The sender transmission controller (in case of multiple flows a transmission scheduler) sends the data units to the UDP socket. The sender transmission controller limits the sending rate so that the number of bytes in flight is less than the reference window albeit with a slack to avoid that packets are unnecessarily delayed in the data unit queue. A pacing rate is calculated based on the target bitrate provided by the media rate controller.
Feedback about the received bytes as well as metadata to estimatethe congestion level or queuing delay are provided to the network congestion controller. The network congestion controller calculated reference window and provides it togteher with the bytes in flight to the sender transmission control.
The reference window and the estimated RTT is further provided to the media rate control to compute the appropriate target bitrate. The target bitrate is updated whenever the reference window is updated. Additional parameters are also communicated to make the rate control more stable when the congestion window is very small or when L4S is not active.
The network congestion control sets reference window (ref_wnd) which puts an upper limit on how many bytes can be in flight, i.e., transmitted but not yet acknowledged. The reference window is however not an absolute limit as slack is given to efficiently transmit temporary larger media objects, such as video frames. This means that the algoritm prefers to build up a queue in the network rather than on the sender side. Additional congestion that this causes will reflect back and cause a reduction of the reference window.
Reference window is reduced if congestion is detected. Similar as for LEDBAT the reference window is reduced either by a fixed fraction in case of packet loss or Classic ECN marking, or if the estimated queue delay exceeds a given threshold depending on how much the delay exceeds the threshold. SCReAMv2 reduces the reference window in proportion to the fraction of marked packets if L4S is used (scalable congestion control).

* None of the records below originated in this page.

Lemma ap_continuous_of_characters {X Y : Type} (tX : topology X) (tY : topology Y)
    (F : FA X -> FA Y) :
  (forall phi, ap_character tY phi -> ap_character tX (fun a => phi (F a))) ->
  continuous (ap_topology tX) (ap_topology tY) F.
Proof.
  intros HF V HV a Va; destruct (HV _ Va) as [l [eps [Hc [He Hb]]]].
  exists (map (fun phi a => phi (F a)) l), eps; split; [|split; [exact He|]].
  - intros psi Hin; apply in_map_iff in Hin; destruct Hin as [phi [<- Hphi]]; auto.
  - intros b Hb'; apply Hb; intros phi Hphi.
    apply (Hb' (fun a => phi (F a))), in_map_iff; exists phi; auto.
Qed.

(* f(U) is the trace on Y of F(W), where W traces U on X. *)
Lemma open_map_of_ap_extension {X Y : Type} (tX : topology X) (tY : topology Y)
    (f : X -> Y) (F : FA X -> FA Y) :
  is_topology tY -> completely_regular tX ->
  (forall y, exists x, f x = y) -> (forall a b, F a = F b -> a = b) ->
  (forall x, F (delta x) = delta (f x)) ->
  open_map (ap_topology tX) (ap_topology tY) F -> open_map tX tY f.
Proof.
  intros HtopY Hcr Hsurj Hinj HFdelta HFopen U HU.
  destruct (ap_open_trace tX U Hcr HU) as [W [HW HWU]].
  replace (fun y => exists x, U x /\ f x = y)
    with (fun y => exists b, W b /\ F b = delta y).
  - exact (delta_continuous tY HtopY _ (HFopen W HW)).
  - apply functional_extensionality; intros y; apply propositional_extensionality.
    split.
    + intros [b [Wb Fb]]; destruct (Hsurj y) as [x <-].
      assert (b = delta x) as -> by (apply Hinj; rewrite Fb; auto).
      exists x; split; [apply HWU|]; auto.
    + intros [x [Ux <-]]; exists (delta x); split; [apply HWU|]; auto.
Qed.

Lemma bijective_inverse {X Y : Type} (f : X -> Y) :
  bijective f -> {g : Y -> X | (forall y, f (g y) = y) /\ (forall x, g (f x) = x)}.
Proof.
  intros [Hinj Hsurj].
  exists (fun y => proj1_sig (constructive_indefinite_description _ (Hsurj y))).
  split.
  - intros y; exact (proj2_sig (constructive_indefinite_description _ (Hsurj y))).
  - intros x; apply Hinj.
    exact (proj2_sig (constructive_indefinite_description _ (Hsurj (f x)))).
Qed.

Section FAMap.

Variables (X Y : Type) (f : X -> Y) (g : Y -> X).
Hypothesis f_g : forall y, f (g y) = y.

Lemma finsupp_comp_section (w : X -> Z) : finsupp w -> finsupp (fun y => w (g y)).
Proof.
  intros [l Hl]; exists (map f l); intros y Hy.
  rewrite <- (f_g y); apply in_map; auto.
Qed.

(* For bijective f with inverse g, precomposing a word with g is its image
   under f. *)
Definition FA_map (a : FA X) : FA Y :=
  exist _ (fun y => proj1_sig a (g y)) (finsupp_comp_section _ (proj2_sig a)).

Lemma FA_map_add a b : FA_map (FA_add a b) = FA_add (FA_map a) (FA_map b).
Proof. apply FA_eq; reflexivity. Qed.

Hypothesis g_f : forall x, g (f x) = x.

Lemma FA_map_delta x : FA_map (delta x) = delta (f x).
Proof.
  apply FA_eq; intros y; simpl.
  destruct (excluded_middle_informative (x = g y)) as [e1|n1],
           (excluded_middle_informative (f x = y)) as [e2|n2]; auto; exfalso.
  - subst x; auto.
  - subst y; auto.
Qed.

Lemma FA_map_inj a b : FA_map a = FA_map b -> a = b.
Proof.
  intros H; apply FA_eq; intros x.
  pose proof (f_equal (fun c => proj1_sig c (f x)) H) as Hx; simpl in Hx.
  rewrite g_f in Hx; exact Hx.
Qed.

ref_wnd = BETA_LOSS * (BETA_ECN|l4s_alpha) * qtarget_alpha * ref_wnd
After a congestion event the reference window seeks to increase by one segment per RTT until a certain number of RTT elapses. After this initial congestion avoidance phase the refrence window increases multiplicativly where the increase factor is adjusted relative to a previous max value and the time elapsed since last congestion event. This enables a faster convergence to a higher link speed.
ref_wnd = ref_wnd + increment
The sender transmission control limits sending rate based on the relation of the estimated link throughput (bytes in flight) and the reference window.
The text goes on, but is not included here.